START STORED DATA

(* Write the $n$-th $*$-cocharacter of $M_{1,2}(F)$ as $\chi_n^*(M_{1,2}(F))=\sum m_{\langle\lambda\rangle}\chi_{\langle\lambda\rangle}$, the sum over multipartitions $\langle\lambda\rangle=(\lambda(1),\lambda(2),\lambda(3),\lambda(4))\vdash n$ with $h(\lambda(1))\le2$, $h(\lambda(2))\le3$, $h(\lambda(3))\le2$, $h(\lambda(4))\le2$. If $\langle\lambda\rangle=(\lambda(1),\lambda(2),\emptyset,\emptyset)$, then $m_{\langle\lambda\rangle}\neq0$ if and only if $h(\lambda(1))\le1$.
   Context: $F$ is a field of characteristic zero. $M_{1,2}(F)$ is $M_3(F)$ with $\mathbb{Z}_2$-grading with even part spanned by $e_{11},e_{22},e_{23},e_{32},e_{33}$, odd part by $e_{12},e_{13},e_{21},e_{31}$, and orthosymplectic superinvolution $*$ sending the matrix with rows $(a,b,c),(d,e,f),(g,h,i)$ to the matrix with rows $(a,-g,d),(c,i,-f),(-b,-h,e)$. Its even symmetric, even skew, odd symmetric, odd skew parts are $\mathrm{span}\{e_{11},e_{22}+e_{33}\}$, $\mathrm{span}\{e_{22}-e_{33},e_{23},e_{32}\}$, $\mathrm{span}\{e_{12}-e_{31},e_{13}+e_{21}\}$, $\mathrm{span}\{e_{12}+e_{31},e_{13}-e_{21}\}$. In the free $*$-superalgebra on variables $y_i^+,y_i^-,z_i^+,z_i^-$ (even symmetric, even skew, odd symmetric, odd skew), a $*$-identity is a polynomial vanishing under all substitutions of the variables by elements of the corresponding parts; $Id_2^*$ denotes the set of them. $P_n^*$ is the span of the monomials $w_{\sigma(1)}\cdots w_{\sigma(n)}$, $\sigma\in S_n$, $w_i\in\{y_i^+,y_i^-,z_i^+,z_i^-\}$. The group $\mathbb{H}_n=(\mathbb{Z}_2\times\mathbb{Z}_2)\wr S_n$, with $\mathbb{Z}_2\times\mathbb{Z}_2=\{1,*,\zeta,*\zeta\}$, acts on $P_n^*$: $h=(a_1,\dots,a_n;\sigma)$ sends $y_i^+\mapsto y_{\sigma(i)}^+$, $y_i^-\mapsto \pm y_{\sigma(i)}^-$ (sign $+$ iff $a_{\sigma(i)}\in\{1,\zeta\}$), $z_i^+\mapsto\pm z_{\sigma(i)}^+$ ($+$ iff $a_{\sigma(i)}\in\{1,*\}$), $z_i^-\mapsto\pm z_{\sigma(i)}^-$ ($+$ iff $a_{\sigma(i)}\in\{1,*\zeta\}$). The character of the $\mathbb{H}_n$-module $P_n^*/(P_n^*\cap Id_2^*(M_{1,2}(F)))$ is the $n$-th $*$-cocharacter $\chi_n^*(M_{1,2}(F))$. Irreducible $\mathbb{H}_n$-characters $\chi_{\langle\lambda\rangle}$ correspond to multipartitions $\langle\lambda\rangle=(\lambda(1),\dots,\lambda(4))$, $\lambda(i)\vdash n_i$, $n_1+\dots+n_4=n$, where $\lambda(1),\lambda(2),\lambda(3),\lambda(4)$ correspond respectively to the variables of type $y^+,y^-,z^+,z^-$; equivalently $m_{\langle\lambda\rangle}$ is the multiplicity of $\chi_{\lambda(1)}\otimes\cdots\otimes\chi_{\lambda(4)}$ in the $S_{n_1}\times\cdots\times S_{n_4}$-character of the multilinear polynomials with $n_1,\dots,n_4$ variables of the four types modulo identities. $h(\mu)$ is the number of parts (height) of a partition $\mu$, and $\emptyset$ the empty partition; only multipartitions with the stated height bounds can occur with nonzero multiplicity. *)

From HB Require Import structures.
From mathcomp Require Import all_boot all_order all_algebra all_fingroup.
From mathcomp Require Import boolp.

Set Implicit Arguments.
Unset Strict Implicit.
Unset Printing Implicit Defensive.
Import GRing.Theory.
Local Open Scope ring_scope.

(* The height h(mu) of a partition mu is [size mu].                    *)
Definition is_partition (k : nat) (l : seq nat) : bool :=
  [&& sorted geq l, all (fun x => 0 < x)%N l & sumn l == k].

(* Row and column (0-based) of the cell containing the entry x of the
   canonical Young tableau of shape l, filled row by row with 0,1,2,...  *)
Fixpoint row_of (l : seq nat) (x : nat) : nat :=
  if l is a :: l' then (if (x < a)%N then 0%N else (row_of l' (x - a)).+1)
  else 0%N.
Fixpoint col_of (l : seq nat) (x : nat) : nat :=
  if l is a :: l' then (if (x < a)%N then x else col_of l' (x - a))
  else x.

Section M12.
Variable F : fieldType.

Definition o0 : 'I_3 := @Ordinal 3 0 isT.
Definition o1 : 'I_3 := @Ordinal 3 1 isT.
Definition o2 : 'I_3 := @Ordinal 3 2 isT.
Lemma ker_sd_proj : 'ker sd_proj = sd_inl @* setT.
Proof.
apply/setP => -[x h]; apply/idP/morphimP.
  by move/kerP => /(_ (in_setT _)) /= ->; exists x; rewrite ?inE.
by case=> y _ _ [_ ->]; apply/kerP; rewrite ?inE.
Qed.

Lemma semidirect_sdprod : sd_inl @* setT ><| sd_inr @* setT = setT.
Proof.
rewrite sdprodE.
- apply/eqP; rewrite eqEsubset subsetT /=; apply/subsetP => -[x h] _.
  have -> : ((x, h) : S) = ((x, 1) : S) * ((1, h) : S) by rewrite sd_mulE sdact_1 mulg1 mul1g.
  by apply: mem_mulg; apply/morphimP; [exists x | exists h]; rewrite ?inE.
- by rewrite /= -ker_sd_proj; apply: subset_trans (subsetT _) (ker_norm _).
apply/trivgP/subsetP => _ /setIP[/morphimP[x _ _ ->] /morphimP[h _ _ /= [-> _]]].
by rewrite inE.
Qed.

End SemidirectFactors.

Lemma dih_semidirect_factors n (X Y : finGroupType) (phi : sdaction X Y) :
    0 < n -> 1 < #|Y| -> [set: dihedral n] \isog [set: semidirect phi] ->
  (exists m : nat, [/\ m %| n, coprime m (n %/ m),
     [set: X] \isog [set: Zmod m] & [set: Y] \isog [set: dihedral (n %/ m)]])
  \/ [/\ 2 %| n, [set: X] \isog [set: dihedral (n %/ 2)] & [set: Y] \isog [set: Zmod 2]].
Proof.
move=> n_gt0 Y_gt1; rewrite isog_sym => /isogP[f injf imf].
have defD : f @* (sd_inl phi @* setT) ><| f @* (sd_inr phi @* setT) = setT.
  by rewrite -imf; apply: injm_sdprod (semidirect_sdprod phi).
have isoX : [set: X] \isog f @* (sd_inl phi @* setT).
  exact: isog_trans (sub_isog (subsetT _) (injm_sd_inl phi)) (sub_isog (subsetT _) injf).
have isoY : [set: Y] \isog f @* (sd_inr phi @* setT).
  exact: isog_trans (sub_isog (subsetT _) (injm_sd_inr phi)) (sub_isog (subsetT _) injf).
have Y'_gt1 : 1 < #|f @* (sd_inr phi @* setT)| by rewrite -(card_isog isoY) cardsT.
case: (dih_sdprod_classification n_gt0 defD Y'_gt1) => [[m [mn co iX iY]] | [n2 iX iY]].
  by left; exists m; split; [| | exact: isog_trans isoX iX | exact: isog_trans isoY iY].
by right; split; [| exact: isog_trans isoX iX | exact: isog_trans isoY iY].
Qed.
(* As formal series of linear operators on $\mathcal N_q^-$ (with $x^-_i(v)=\sum_m x^-_{i,m}v^{-m}$ acting by left multiplication), for all $1\le i,j,k,m\le N$: $$\Omega_{\psi_m}(u)x^-_i(v)=\delta_{i,m}\delta(v\gamma/u)+g_{i,m,q^{-1}}(v\gamma/u)\,x^-_i(v)\Omega_{\psi_m}(u),$$ $$\Omega_{\phi_m}(u)x^-_i(v)=\delta_{i,m}\delta(u\gamma/v)+g_{i,m}(u\gamma/v)\,x^-_i(v)\Omega_{\phi_m}(u),$$ $$(q^{(\alpha_j|\alpha_k)}u_1-u_2)\Omega_{\psi_j}(u_1)\Omega_{\psi_k}(u_2)=(u_1-q^{(\alpha_j|\alpha_k)}u_2)\Omega_{\psi_k}(u_2)\Omega_{\psi_j}(u_1),$$ $$(q^{(\alpha_j|\alpha_k)}u_1-u_2)\Omega_{\phi_j}(u_1)\Omega_{\phi_k}(u_2)=(u_1-q^{(\alpha_j|\alpha_k)}u_2)\Omega_{\phi_k}(u_2)\Omega_{\phi_j}(u_1),$$ $$(q^{(\alpha_j|\alpha_k)}\gamma^2u_1-u_2)\Omega_{\phi_j}(u_1)\Omega_{\psi_k}(u_2)=(\gamma^2u_1-q^{(\alpha_j|\alpha_k)}u_2)\Omega_{\psi_k}(u_2)\Omega_{\phi_j}(u_1).$$
   Context: Let $\mathfrak g$ be a finite-dimensional complex simple Lie algebra of rank $N$ with simple roots $\alpha_1,\dots,\alpha_N$ and invariant form $(\cdot|\cdot)$; $U_q(\widehat{\mathfrak g})$ the untwisted quantum affine algebra over $\mathbb C(q^{1/2})$ in Drinfeld's realization with generators $x^\pm_{i,r}$, $h_{i,s}$, $K_i^{\pm1}$, $\gamma^{\pm1/2}$ (central), $D^{\pm1}$; the $x^-$ satisfy $x^-_{i,k+1}x^-_{j,l}-q^{-(\alpha_i|\alpha_j)}x^-_{j,l}x^-_{i,k+1}=q^{-(\alpha_i|\alpha_j)}x^-_{i,k}x^-_{j,l+1}-x^-_{j,l+1}x^-_{i,k}$. Let $\mathcal N_q^-$ be the subalgebra generated by $\gamma^{\pm1/2}$ and all $x^-_{i,l}$. Let $\delta(z)=\sum_{k\in\mathbb Z}z^k$; let $g_{ij}(t)$ be the Taylor series at $t=0$ of $(q^{(\alpha_i|\alpha_j)}t-1)/(t-q^{(\alpha_i|\alpha_j)})$ and $g_{ij,q^{-1}}(t)$ the same with $q$ replaced by $q^{-1}$. Put $x^-_i(v)=\sum_{m}x^-_{i,m}v^{-m}$. Operators $\Omega_{\psi_i}(l),\Omega_{\phi_i}(l):\mathcal N_q^-\to\mathcal N_q^-$ ($l\in\mathbb Z$, $1\le i\le N$), with generating series $\Omega_{\psi_i}(u)=\sum_l\Omega_{\psi_i}(l)u^{-l}$, $\Omega_{\phi_i}(u)=\sum_l\Omega_{\phi_i}(l)u^{-l}$, are defined as follows: they commute with multiplication by $\gamma^{\pm1/2}$, kill $1$, and for $\bar P=x^-_{j_1}(v_1)\cdots x^-_{j_k}(v_k)$ (a generating series whose coefficients are the monomials $x^-_{j_1,n_1}\cdots x^-_{j_k,n_k}$), with $\bar P_l$ the product with the $l$-th factor omitted, $\Omega_{\psi_i}(u)(\bar P)=\sum_{l=1}^k\delta_{i,j_l}\prod_{m=1}^{l-1}g_{i,j_m,q^{-1}}(v_m/v_l)\,\bar P_l\,\delta(u/v_l\gamma)$ and $\Omega_{\phi_i}(u)(\bar P)=\sum_{l=1}^k\delta_{i,j_l}\prod_{m=1}^{l-1}g_{i,j_m}(v_l/v_m)\,\bar P_l\,\delta(u\gamma/v_l)$. *)

From HB Require Import structures.
From mathcomp Require Import all_boot all_order all_algebra.
From mathcomp Require Import complex fraction Rstruct.

Set Implicit Arguments.
Unset Strict Implicit.
Unset Printing Implicit Defensive.

Import Order.TTheory GRing.Theory Num.Theory.
Local Open Scope ring_scope.

(* The base field C(q^{1/2}): rational functions in one indeterminate        *)
(* q^{1/2} = 'X over the complex numbers C = R[i] (R = the real numbers).    *)
Notation Kq := {fraction {poly complex Rdefinitions.R}}.

Definition qhalf : Kq := tofrac ('X : {poly complex Rdefinitions.R}).
Definition qq : Kq := qhalf ^+ 2.

(* Root data: B i j = (alpha_i | alpha_j) for the simple roots alpha_1..alpha_N
   (indices 0..N-1 here) of a finite-dimensional complex simple Lie algebra,
   w.r.t. an invariant form normalised to take integer values.  This is the
   symmetrised Cartan matrix of an indecomposable Cartan matrix of finite type:
   symmetric, positive diagonal, Cartan integers a_ij = 2 B_ij / B_ii are
   nonpositive integers off the diagonal, positive definite, indecomposable. *)
Definition fin_simple_form (N : nat) (B : 'I_N -> 'I_N -> int) : Prop :=
  [/\ (0 < N)%N,
      (forall i j, B i j = B j i),
      (forall i, 0 < B i i),
      (forall i j, i != j -> B i j <= 0 /\ (B i i %| 2 * B i j)%Z) &
      (forall x : 'I_N -> rat, (exists i, x i != 0) ->
          0 < \sum_i \sum_j x i * (B i j)%:~R * x j)
   /\ (forall S : {set 'I_N}, S != set0 -> S != setT ->
          exists i j, [/\ i \in S, j \notin S & B i j != 0])].
(* Let $X$ be a hereditarily meta-Lindelöf, compact, scattered space with countable scattered height. If $X$ has a $P$-base for some directed set $P$ with calibre $(\omega_1,\omega)$, then $X$ is countable, hence metrizable.
   Context: All spaces are Tychonoff. $X$ is hereditarily meta-Lindelöf if every open cover of any subspace has a point-countable open refinement. $X$ is scattered if every nonempty subspace has an isolated point; for $A\subseteq X$ let $A'$ be the set of non-isolated points of $A$, set $X^{(0)}=X$, $X^{(\alpha)}=\bigcap_{\beta<\alpha}(X^{(\beta)})'$ for $\alpha>0$; for $x\in X$, $h(x)$ is the ordinal with $x\in X^{(h(x))}\setminus X^{(h(x)+1)}$, and the scattered height is $h(X)=\sup\{h(x):x\in X\}$. A $P$-base is an assignment to each $x\in X$ of a neighborhood base $\{U_p:p\in P\}$ at $x$ with $U_p\subseteq U_{p'}$ whenever $p\ge p'$. A directed set has calibre $(\omega_1,\omega)$ if every uncountable subset contains an infinite subset with an upper bound. *)

From HB Require Import structures.
From mathcomp Require Import all_boot all_order all_algebra.
From mathcomp Require Import all_classical all_reals all_analysis.
From mathcomp Require Import Rstruct Rstruct_topology.
From Stdlib Require Import Reals.
Set Implicit Arguments. Unset Strict Implicit. Unset Printing Implicit Defensive.
Import Order.TTheory GRing.Theory Num.Theory.
Local Open Scope classical_set_scope.

Definition completely_regular (X : topologicalType) : Prop :=
  forall (A : set X) (x : X), closed A -> ~ A x ->
    exists f : X -> Rdefinitions.R,
      continuous f /\ f x = 0%R /\ (forall y, A y -> f y = 1%R).

Definition tychonoff_space (X : topologicalType) : Prop :=
  hausdorff_space X /\ completely_regular X.

Definition open_in {X : topologicalType} (Y V : set X) : Prop :=
  exists W : set X, open W /\ V = W `&` Y.

Definition hered_meta_lindelof (X : topologicalType) : Prop :=
  forall (Y : set X) (U : set (set X)),
    (forall u, U u -> open_in Y u) -> \bigcup_(u in U) u = Y ->
    exists V : set (set X),
      (forall v, V v -> open_in Y v) /\
      \bigcup_(v in V) v = Y /\
      (forall v, V v -> exists2 u, U u & v `<=` u) /\
      (forall y, Y y -> countable [set v | V v /\ v y]).

Definition isolated_in {X : topologicalType} (A : set X) (x : X) : Prop :=
  A x /\ exists U : set X, open U /\ U `&` A = [set x].
(* (i) Let $(X_n)$ be a norm-bounded sequence in $B(\mathcal H)^d$ and, for each $n$, let $\widetilde{X_n}$ be any shift form of $X_n$. Then there is a subsequence along which $\widetilde{X_n}$ converges in the strong operator topology. In particular, for every bounded sequence $(X_n)$ in $B(\mathcal H)^d$ there exist unitaries $U_n\in B(\mathcal H)$ such that $U_n^*X_nU_n$ converges in SOT along a subsequence. (ii) Let $X\in B(\mathcal H)^d$ and let $H_n\in B(\mathcal H)^d$ with $\|H_n\|=1$ for all $n$. Then there exist unitaries $W_n\in B(\mathcal H)$, a point $(X',H')\in B(\mathcal H)^{2d}$ with $H'\ne0$, and a subsequence along which $W_n^*(X,H_n)W_n\to(X',H')$ in SOT.
   Context: $\mathcal H$ is an infinite-dimensional separable complex Hilbert space with a fixed orthonormal basis $e_1,e_2,\dots$, and $M\in B(\mathcal H)$ is the shift $Me_j=e_{j+1}$. $B(\mathcal H)^d$ has the norm $\|x\|=\max_i\|x^i\|$; SOT on $B(\mathcal H)^d$ is coordinatewise strong operator convergence; for a unitary $W$, $W^*(X,H)W=(W^*X^1W,\dots,W^*X^dW,W^*H^1W,\dots,W^*H^dW)$. For $X=(X^1,\dots,X^d)\in B(\mathcal H)^d$, $(X,M)$ denotes the $(d+1)$-tuple $(X^1,\dots,X^d,M)$. $\mathcal P(k,d)$ is the complex vector space of polynomials in $d+1$ noncommuting variables of degree at most $k$, and $\alpha(k,d)=\dim\mathcal P(k,d)$. For $k\ge0$, $V_k^X:=\{p(X,M)e_1: p\in\mathcal P(k,d)\}$. A shift form of $X$ is a tuple $\widetilde X=u^*Xu$ where $u\in B(\mathcal H)$ is a unitary such that for every $k\ge0$, $u(\mathrm{span}\{e_1,\dots,e_{k+1}\})\subset V_k^X$ and $u^*(V_k^X)\subset\mathrm{span}\{e_1,\dots,e_{\alpha(k,d)}\}$. (Every $X$ has at least one shift form.) *)

(* The orthonormal basis e_1, e_2, ... of the paper is eb 0, eb 1, ...
   (0-indexed: e_(j+1) = eb j). *)
From Stdlib Require Import Reals List Lia.
Open Scope R_scope.
(* Let $\mathbf{T}\subset\mathbb{S}^3$ be a $\mathbb{Z}_2$-symmetric spherical tetrahedron with dihedral angles $A$, $B=E$, $C=F$, $D$ and edge lengths $l_A$, $l_B=l_E$, $l_C=l_F$, $l_D$. Put $a_+=\cos\frac{l_A+l_D}{2}$, $a_-=\cos\frac{l_A-l_D}{2}$, $b=\cos l_B$, $c=\cos l_C$, $\mathcal{A}_+=\cos\frac{A+D}{2}$, $\mathcal{A}_-=\cos\frac{D-A}{2}$, $\mathcal{B}=\cos B$, $\mathcal{C}=\cos C$. Then there exists a (symmetric) spherical tetrahedron $\mathbf{T}_s$, with dihedral angles $\alpha,\beta,\gamma$ (each appearing on a pair of opposite edges) and corresponding edge lengths $l_\alpha,l_\beta,l_\gamma$, whose Gram matrix is $$G_s=\begin{pmatrix}1&-\cos\alpha&-\cos\beta&-\cos\gamma\\-\cos\alpha&1&-\cos\gamma&-\cos\beta\\-\cos\beta&-\cos\gamma&1&-\cos\alpha\\-\cos\gamma&-\cos\beta&-\cos\alpha&1\end{pmatrix}=\begin{pmatrix}1&-\frac{\mathcal{A}_+}{\mathcal{A}_-}&-\frac{\mathcal{B}}{\mathcal{A}_-}&-\frac{\mathcal{C}}{\mathcal{A}_-}\\-\frac{\mathcal{A}_+}{\mathcal{A}_-}&1&-\frac{\mathcal{C}}{\mathcal{A}_-}&-\frac{\mathcal{B}}{\mathcal{A}_-}\\-\frac{\mathcal{B}}{\mathcal{A}_-}&-\frac{\mathcal{C}}{\mathcal{A}_-}&1&-\frac{\mathcal{A}_+}{\mathcal{A}_-}\\-\frac{\mathcal{C}}{\mathcal{A}_-}&-\frac{\mathcal{B}}{\mathcal{A}_-}&-\frac{\mathcal{A}_+}{\mathcal{A}_-}&1\end{pmatrix}$$ and whose edge matrix is $$G^\star_s=\begin{pmatrix}1&\cos l_\alpha&\cos l_\beta&\cos l_\gamma\\\cos l_\alpha&1&\cos l_\gamma&\cos l_\beta\\\cos l_\beta&\cos l_\gamma&1&\cos l_\alpha\\\cos l_\gamma&\cos l_\beta&\cos l_\alpha&1\end{pmatrix}=\begin{pmatrix}1&\frac{a_+}{a_-}&\frac{b}{a_-}&\frac{c}{a_-}\\\frac{a_+}{a_-}&1&\frac{c}{a_-}&\frac{b}{a_-}\\\frac{b}{a_-}&\frac{c}{a_-}&1&\frac{a_+}{a_-}\\\frac{c}{a_-}&\frac{b}{a_-}&\frac{a_+}{a_-}&1\end{pmatrix}.$$
   Context: A spherical tetrahedron $\mathbf{T}\subset\mathbb{S}^3\subset\mathbb{R}^4$ is the intersection of $\mathbb{S}^3$ with the cone over four linearly independent unit vectors $\mathrm{p}_0,\dots,\mathrm{p}_3$. Edge lengths $l_{ij}\in[0,\pi]$: $\cos l_{ij}=\langle\mathrm{p}_i,\mathrm{p}_j\rangle$; dihedral angles $\alpha_{ij}\in[0,\pi]$: $\cos\alpha_{ij}=-\langle\mathrm{v}_i,\mathrm{v}_j\rangle$ with $\mathrm{v}_i$ the outer unit normal of the face opposite $\mathrm{p}_i$. The edge matrix of a tetrahedron is $(\langle\mathrm{p}_i,\mathrm{p}_j\rangle)_{i,j=0}^3$ and its Gram matrix is $(\langle\mathrm{v}_i,\mathrm{v}_j\rangle)_{i,j=0}^3$. Notation for $\mathbf{T}$: $l_A=l_{01}$, $l_B=l_{02}$, $l_C=l_{03}$, $l_D=l_{23}$, $l_E=l_{13}$, $l_F=l_{12}$; $A,\dots,F$ are the dihedral angles along the edges of lengths $l_A,\dots,l_F$. $\mathbf{T}$ is $\mathbb{Z}_2$-symmetric if invariant under rotation through $\pi$ about the axis through the midpoints of the edges $\mathrm{p}_0\mathrm{p}_1$ and $\mathrm{p}_2\mathrm{p}_3$ (so $l_B=l_E$, $l_C=l_F$, $B=E$, $C=F$). A tetrahedron is called symmetric if opposite edges have equal lengths (equivalently, equal dihedral angles). *)

From HB Require Import structures.
From mathcomp Require Import all_boot all_order all_algebra.
From mathcomp Require Import all_classical all_reals all_analysis.
Set Implicit Arguments. Unset Strict Implicit. Unset Printing Implicit Defensive.
Import Order.TTheory GRing.Theory Num.Theory.
Local Open Scope ring_scope.

Definition dot {R : realType} (u v : 'rV[R]_4) : R := (u *m v^T) 0 0.

Definition rows_mx {R : realType} (p : 'I_4 -> 'rV[R]_4) : 'M[R]_4 :=
  \matrix_(i < 4, j < 4) p i 0 j.

Definition spherical_tetrahedron {R : realType} (p : 'I_4 -> 'rV[R]_4) : Prop :=
  (forall i, dot (p i) (p i) = 1) /\ row_free (rows_mx p).

Definition outer_normal {R : realType} (p : 'I_4 -> 'rV[R]_4) (i : 'I_4)
  (v : 'rV[R]_4) : Prop :=
  dot v v = 1 /\ (forall j, j != i -> dot v (p j) = 0) /\ dot v (p i) < 0.

Definition edge_matrix {R : realType} (p : 'I_4 -> 'rV[R]_4) : 'M[R]_4 :=
  \matrix_(i < 4, j < 4) dot (p i) (p j).

Definition is_gram_matrix {R : realType} (p : 'I_4 -> 'rV[R]_4) (G : 'M[R]_4) : Prop :=
  exists v : 'I_4 -> 'rV[R]_4,
    (forall i, outer_normal p i (v i)) /\
    G = \matrix_(i < 4, j < 4) dot (v i) (v j).

Definition edge_length {R : realType} (p : 'I_4 -> 'rV[R]_4) (i j : 'I_4) : R :=
  acos (dot (p i) (p j)).

Definition dihedral_angle {R : realType} (v : 'I_4 -> 'rV[R]_4) (i j : 'I_4) : R :=
  acos (- dot (v i) (v j)).

(* Z2-symmetry: invariance under the rotation through pi about the axis through
   the midpoints of p0p1 and p2p3, i.e. an orthogonal map of R^4 exchanging
   p0 <-> p1 and p2 <-> p3 (since the p_i form a basis, such a map is unique and
   is exactly that rotation). *)
Definition Z2_symmetric {R : realType} (p : 'I_4 -> 'rV[R]_4) : Prop :=
  exists M : 'M[R]_4,
    M *m M^T = 1%:M /\
    p 0 *m M = p 1 /\ p 1 *m M = p 0 /\
    p 2%:R *m M = p 3%:R /\ p 3%:R *m M = p 2%:R.

Definition sym_pattern {R : realType} (x y z : R) : 'M[R]_4 :=
  \matrix_(i < 4, j < 4)
    nth 0 (nth [::] [:: [:: 1; x; y; z];
                       [:: x; 1; z; y];
                       [:: y; z; 1; x];
                       [:: z; y; x; 1]] i) j.

From HB Require Import structures.
From mathcomp Require Import all_boot all_order all_algebra.
From mathcomp Require Import all_classical all_reals all_analysis.
From mathcomp Require Import ring lra.
Set Implicit Arguments. Unset Strict Implicit. Unset Printing Implicit Defensive.
Import Order.TTheory GRing.Theory Num.Theory.
Local Open Scope ring_scope.

(* The edge matrix of a Z2-symmetric tetrahedron is G = [1 a b c; a 1 c b; b c 1 d; c b d 1]; it
   preserves span(e0 + e1, e2 + e3) and span(e0 - e1, e2 - e3), acting there by the blocks
   [1 +- a, b +- c; b +- c, 1 +- d].  With r = sqrt((2 + 2a)(2 + 2d)) = 4 cos(lA/2) cos(lD/2),
   r' = sqrt((2 - 2a)(2 - 2d)) = 4 sin(lA/2) sin(lD/2), Z = 2(b + c) and Z' = 2(b - c), one gets
   a_- = (r + r')/4, a_+ = (r - r')/4, and the block determinants are (r^2 - Z^2)/4 and
   (r'^2 - Z'^2)/4.  The Gram matrix of the outer normals is G^-1 normalized to a unit diagonal,
   so the half-angle formulas express A_+-, cos B and cos C through the same four numbers.
   Finally, for any positive l_0, ..., l_3 with sum 4 there is a symmetric tetrahedron whose
   edge matrix has eigenvalues l_k on the characters of (Z/2)^2 and whose Gram matrix is the
   normalized Hadamard transform of the 1/l_k; the eigenvalues 2(r +- Z)/(r + r') and
   2(r' +- Z')/(r + r') produce exactly the two matrices of the statement. *)

Lemma ord4_ind (P : 'I_4 -> Prop) : P 0 -> P 1 -> P 2%:R -> P 3%:R -> forall i, P i.
Proof.
move=> P0 P1 P2 P3 [[|[|[|[|//]]]] lti].
- by rewrite (_ : Ordinal lti = 0) //; apply/val_inj.
- by rewrite (_ : Ordinal lti = 1) //; apply/val_inj.
- by rewrite (_ : Ordinal lti = 2%:R) //; apply/val_inj.
- by rewrite (_ : Ordinal lti = 3%:R) //; apply/val_inj.
Qed.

END STORED DATA

Report the number of lines in the records above that contain "Rstruct", with no other text.

SOLUTION FOR THIS PROBLEM.
2